Venomous Sea Snail Could Be Key To More Effective Painkillers With Lower Risk Of Addiction

A cone snail searches for prey. Researchers from varied disciplines are collaborating to understand the way conotoxins — chemicals found in cone snail venom — work and how they can be utilized to reduce pain in humans. (Pengchao-BGI/CC BY-SA 4.0)
A cone snail searches for prey. Researchers from varied disciplines are collaborating to understand the way conotoxins — chemicals found in cone snail venom — work and how they can be utilized to reduce pain in humans. (Pengchao-BGI/CC BY-SA 4.0)


By Anamarija Brnjarchevska

A venomous sea snail could hold the key to developing more effective painkillers with a reduced risk of addiction, researchers say.

Deadly venom produced by cone snails has occasionally killed humans, and there is no antitoxin available.

However, a team led by researchers from the University of Glasgow is trying to learn more about the poison produced by these snails, which are predatory marine animals found in warm seas and oceans throughout the world.

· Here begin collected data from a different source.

Lemma integral_lt_of_gap (f g : Omega -> R) (A : set Omega) (c M : R) :
  measurable_fun setT f -> measurable_fun setT g -> measurable A ->
  (0 < c)%R -> 0 < P A -> (forall w, 0 <= f w <= M)%R ->
  (forall w, f w <= g w)%R -> (forall w, A w -> f w + c <= g w)%R ->
  \int[P]_(w in setT) (f w)%:E < \int[P]_(w in setT) (g w)%:E.
Proof.
move=> mf mg mA c0 PA f0M fg fcg.
have f0 w : setT w -> 0 <= (f w)%:E by rewrite lee_fin; case/andP: (f0M w).
have f_fin : \int[P]_(w in setT) (f w)%:E \is a fin_num.
  rewrite ge0_fin_numE ?integral_ge0 //.
  apply: (@le_lt_trans _ _ (\int[P]_(w in setT) (cst M%:E w))).
    apply: ge0_le_integral => //; first exact/measurable_EFinP.
    by move=> w _; rewrite lee_fin; case/andP: (f0M w).
  by rewrite integral_cst //= probability_setT mule1 ltry.
have cA0 w : (0 <= c * \1_A w)%R by rewrite indicE mulr_ge0 ?ler0n ?ltW.
have mcA : measurable_fun setT (fun w => c * \1_A w)%R.
  by apply: measurable_funM => //; exact: measurable_indic.
have gap : \int[P]_(w in setT) (f w + c * \1_A w)%:E <=
           \int[P]_(w in setT) (g w)%:E.
  apply: ge0_le_integral => //.
  - by move=> w _; rewrite lee_fin addr_ge0 //; case/andP: (f0M w).
  - by apply/measurable_EFinP; exact: measurable_funD.
  - exact/measurable_EFinP.
  move=> w _; rewrite lee_fin indicE.
  by have [/set_mem/fcg|] := boolP (w \in A); rewrite ?mulr1 ?mulr0 ?addr0.
apply: lt_le_trans gap; under [X in _ < X]eq_integral do rewrite EFinD EFinM.
rewrite ge0_integralD //; first last.
- by apply/measurable_EFinP.
- by move=> w _; rewrite lee_fin.
- exact/measurable_EFinP.
rewrite ge0_integralZl_EFin ?ltW //; last first.
  by apply/measurable_EFinP; exact: measurable_indic.
by rewrite integral_indic // setIT lteDl // mule_gt0.
Qed.
End IntegralGap.
(* Let $\alpha\in[-1,1]$ and let $F_\alpha(z)=\dfrac{z(1-\alpha z)}{1-z^2}$ for $z\in E$. Then $\Re\big[(1-z^2)F_\alpha'(z)\big]>0$ for all $z\in E$; consequently $F_\alpha$ is univalent in $E$ and maps $E$ onto a domain convex in the direction of the imaginary axis. Moreover, if $f=h+\overline{g}$ is a locally univalent, sense-preserving harmonic mapping in $E$ with $h(0)=g(0)=0$, $h'(0)=1$, $g'(0)=0$ and $h+g=F_\alpha$, then $f\in S_H$ and $f$ maps $E$ onto a domain convex in the direction of the imaginary axis.
   Context: $E=\{z\in\mathbb{C}:|z|<1\}$. A harmonic mapping $f=h+\overline{g}$ on $E$ (with $h,g$ analytic) is locally univalent and sense-preserving iff $h'\neq0$ in $E$ and its dilatation $\omega=g'/h'$ satisfies $|\omega|<1$ in $E$. $S_H$ denotes the class of harmonic, univalent, sense-preserving mappings $f=h+\overline{g}$ of $E$ normalized by $f(0)=0$, $f_z(0)=1$. A domain $\Omega$ is convex in the direction of the imaginary axis if every line parallel to the imaginary axis has connected or empty intersection with $\Omega$. *)

From Stdlib Require Import Reals.
Open Scope R_scope.

Definition Cx : Type := (R * R)%type.
Definition Re (z : Cx) : R := fst z.
Definition Im (z : Cx) : R := snd z.
Definition RtoC (r : R) : Cx := (r, 0).
Definition Cadd (z w : Cx) : Cx := (fst z + fst w, snd z + snd w).
Definition Copp (z : Cx) : Cx := (- fst z, - snd z).
Definition Csub (z w : Cx) : Cx := Cadd z (Copp w).
Definition Cmul (z w : Cx) : Cx :=
  (fst z * fst w - snd z * snd w, fst z * snd w + snd z * fst w).
Definition Cinv (z : Cx) : Cx :=
  (fst z / (fst z ^ 2 + snd z ^ 2), - snd z / (fst z ^ 2 + snd z ^ 2)).
Definition Cdiv (z w : Cx) : Cx := Cmul z (Cinv w).
Definition Cconj (z : Cx) : Cx := (fst z, - snd z).
Definition Cmod (z : Cx) : R := sqrt (fst z ^ 2 + snd z ^ 2).
Definition Cx0 : Cx := (0, 0).
Definition Cx1 : Cx := (1, 0).

Definition E (z : Cx) : Prop := Cmod z < 1.

Definition has_cderiv (f : Cx -> Cx) (z l : Cx) : Prop :=
  forall eps : R, 0 < eps -> exists delta : R, 0 < delta /\
    forall w : Cx, 0 < Cmod (Csub w z) < delta ->
      Cmod (Csub (Csub (f w) (f z)) (Cmul l (Csub w z))) <= eps * Cmod (Csub w z).

Definition analytic_E_with_deriv (h h' : Cx -> Cx) : Prop :=
  forall z : Cx, E z -> has_cderiv h z (h' z).

Definition univalent_E (f : Cx -> Cx) : Prop :=
  forall z w : Cx, E z -> E w -> f z = f w -> z = w.

Definition image_E (f : Cx -> Cx) (w : Cx) : Prop := exists z : Cx, E z /\ f z = w.

(* A set Om is convex in the direction of the imaginary axis: the intersection
   with every vertical line Re w = c is connected or empty, i.e. (being a subset
   of a line) an interval: whenever two points of Om lie on the same vertical
   line, the segment joining them lies in Om. *)
Definition convex_imag_dir (Om : Cx -> Prop) : Prop :=
  forall a b : Cx, Om a -> Om b -> Re a = Re b ->
    forall t : R, 0 <= t <= 1 -> Om (Re a, Im a + t * (Im b - Im a)).

Definition harm (h g : Cx -> Cx) (z : Cx) : Cx := Cadd (h z) (Cconj (g z)).

(* locally univalent and sense-preserving (characterization from the context):
   h' <> 0 in E and |g'/h'| < 1 in E. *)
Definition loc_univ_sense_pres (h' g' : Cx -> Cx) : Prop :=
  forall z : Cx, E z -> h' z <> Cx0 /\ Cmod (Cdiv (g' z) (h' z)) < 1.

Definition in_SH (f : Cx -> Cx) : Prop :=
  exists h g h' g' : Cx -> Cx,
    analytic_E_with_deriv h h' /\ analytic_E_with_deriv g g' /\
    (forall z, E z -> f z = harm h g z) /\
    loc_univ_sense_pres h' g' /\
    univalent_E f /\
    f Cx0 = Cx0 /\ h' Cx0 = Cx1.

Definition F_alpha (alpha : R) (z : Cx) : Cx :=
  Cdiv (Cmul z (Csub Cx1 (Cmul (RtoC alpha) z))) (Csub Cx1 (Cmul z z)).
Section DualPseudoComplement.
Context (A : alg) (HA : is_ddpa A).
Implicit Types x y : car A.

Lemma join_plus x : x ⊔ x^+ = ⊤.
Proof. exact (meet_star (dual A) (dual_ddpa A HA) x). Qed.

Lemma plus_top : (aone A)^+ = ⊥.
Proof. exact (star_bot (dual A) (dual_ddpa A HA)). Qed.

Lemma plus_meet x y : (x ⊓ y)^+ = x^+ ⊔ y^+.
Proof. exact (star_join (dual A) (dual_ddpa A HA) x y). Qed.

Lemma plus_join x y : (x ⊔ y)^+ = (x^+^+ ⊔ y^+^+)^+.
Proof. exact (star_meet (dual A) (dual_ddpa A HA) x y). Qed.

Lemma plus_le_of_join_top x y : x^+ ⊔ y^+^+ = ⊤ -> y^+ ≼ x^+.
Proof.
  intro h. apply (ale_dual A HA).
  exact (star_le_of_meet_bot (dual A) (dual_ddpa A HA) x y h).
Qed.

End DualPseudoComplement.

(** * Terms and equational classes *)

Section Identities.
Context {X : Type}.
Implicit Types s t u : term X.

Lemma eval_term_hom (A B : alg) (f : car A -> car B) (env : X -> car A) t :
  is_hom A B f -> f (eval_term A env t) = eval_term B (fun v => f (env v)) t.
Proof. intros (hj & hm & hs & hp & h0 & h1). induction t; simpl; congruence. Qed.

Lemma eval_term_congruence (A : alg) (th : car A -> car A -> Prop) (e1 e2 : X -> car A) t :
  is_congruence A th -> (forall v, th (e1 v) (e2 v)) ->
  th (eval_term A e1 t) (eval_term A e2 t).
Proof. intros (hr & _ & _ & hj & hm & hs & hp) he. induction t; simpl; auto. Qed.

Lemma eval_term_prod (I : Type) (F : I -> alg) (env : X -> car (prod_alg I F)) t i :
  eval_term (prod_alg I F) env t i = eval_term (F i) (fun v => env v i) t.
Proof. induction t; simpl; congruence. Qed.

The cone snail’s venom contains chemicals called conotoxins — highly potent neurotoxic peptides — which it uses to paralyze its prey by blocking parts of their nervous systems. This is often fatal to animals but rarely fatal to humans.

Cone snails are known to be predatory and venomous. Although there is no treatment for poisoning with cone snail venom, it rarely proves fatal for humans. (Richard Ling/CC BY-SA 3.0)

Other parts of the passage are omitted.